● **GIVEN ENTRIES**
Lemma tau_closed_form n : 0 < variance ->
  tau N E X0 A X (S n) = INR (S n) / sumN (S n) (fun m => frob2 N (mpow N A m)).
Proof.
  intros Hvar. unfold tau. rewrite E_sq_err_Xbar, E_sq_err_thetahat.
  pose proof (frob2_mpow_sum_pos n).
  assert (INR (S n) <> 0) by (apply not_0_INR; lia).
  field. split; lra.
Qed.

End Estimator.
End MeanSquaredErrors.

Lemma frob2_mpow_cv N A mu : stochastic N A -> irreducible N A -> aperiodic N A ->
  stationary_distribution N A mu -> (0 < N)%nat ->
  Un_cv (fun m => frob2 N (mpow N A m)) (INR N * sumN N (fun j => mu j ^ 2)).
Proof.
  intros HA Hirr Hap Hmu HN.
  destruct (primitive_power N A HA Hirr Hap) as [K [delta [Hdelta Hge]]].
  unfold frob2. rewrite <- sumN_const.
  apply Un_cv_sumN. intros i Hi. apply Un_cv_sumN. intros j Hj.
  replace (mu j ^ 2) with (mu j * mu j) by ring.
  apply Un_cv_ext with (fun m => mpow N A m i j * mpow N A m i j); [intros; ring|].
  apply CV_mult; apply (mpow_cv_stationary N A mu HA Hmu HN K delta); auto.
Qed.

Lemma stationary_sumsq_pos N A mu : stationary_distribution N A mu ->
  0 < sumN N (fun j => mu j ^ 2).
Proof.
  intros [Hmu0 [Hmu1 _]].
  destruct (Rle_lt_or_eq_dec 0 _ (sumN_nonneg N (fun j => mu j ^ 2) (fun j _ => pow2_ge_0 (mu j))))
    as [Hpos|Hzero]; auto.
  exfalso. rewrite (sumN_ext N mu (fun _ => 0 * 0)), sumN_const in Hmu1; [lra|].
  intros k Hk.
  pose proof (sumN_ge_term N (fun j => mu j ^ 2) k (fun j _ => pow2_ge_0 (mu j)) Hk).
  nra.
Qed.

Lemma sum_f_R0_sumN f n : sum_f_R0 f n = sumN (S n) f.
Proof. induction n; simpl; [ring|]. rewrite IHn. reflexivity. Qed.

Lemma Cesaro_inv (u : nat -> R) L : Un_cv u L -> L <> 0 ->
  Un_cv (fun n => INR (S n) / sumN (S n) u) (/ L).
Proof.
  intros Hu HL.
  pose proof (CV_shift' _ 1 L (Cesaro_1 u L Hu)) as Hmean.
  apply Un_cv_ext with (fun n => / (sumN (S n) u / INR (S n))).
  { intros n. apply Rinv_div. }
  apply (continuity_seq (fun x => / x)).
  - apply (continuity_pt_inv (fun x => x)); auto. apply derivable_continuous_pt; reg.
  - eapply Un_cv_ext; [|exact Hmean]. intros n.
    cbv beta. replace (n + 1)%nat with (S n) by lia. rewrite sum_f_R0_sumN. reflexivity.
Qed.

Theorem proposition2
  (Omega : Type) (integrable : (Omega -> R) -> Prop) (E : (Omega -> R) -> R)
  (X0 : Omega -> R) (X : nat -> nat -> Omega -> R)
  (N : nat) (A : nat -> nat -> R) (mu : nat -> R) :
  expectation_axioms integrable E ->
  integrable X0 -> integrable (fun w => X0 w ^ 2) ->
  0 < E (fun w => (X0 w - E X0) ^ 2) ->
  identically_distributed N integrable E X0 X ->
  mutually_independent N integrable E X ->
  (2 <= N)%nat ->
  stochastic N A -> irreducible N A -> aperiodic N A ->
  stationary_distribution N A mu ->
  Un_cv (fun n => tau N E X0 A X (S n))
        (/ (INR N * sumN N (fun j => mu j ^ 2))).
Proof.
  intros HE HX0 HX0sq Hvar Hid Hind HN2 HA Hirr Hap Hmu.
  assert (HN : (0 < N)%nat) by lia.
  apply Un_cv_ext with (fun n => INR (S n) / sumN (S n) (fun m => frob2 N (mpow N A m))).
  { intros n. symmetry. apply (tau_closed_form Omega integrable E HE X0 X N); auto. }
  apply Cesaro_inv; [apply frob2_mpow_cv; auto|].
  apply Rgt_not_eq, Rmult_lt_0_compat; [apply lt_0_INR; auto|].
  apply (stationary_sumsq_pos N A); auto.
Qed.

● **EXERCISE DESCRIPTION**
How many lines of the entries contain the string "assert"? Answer with a number and no other words.

● **WRITTEN SOLUTION**
2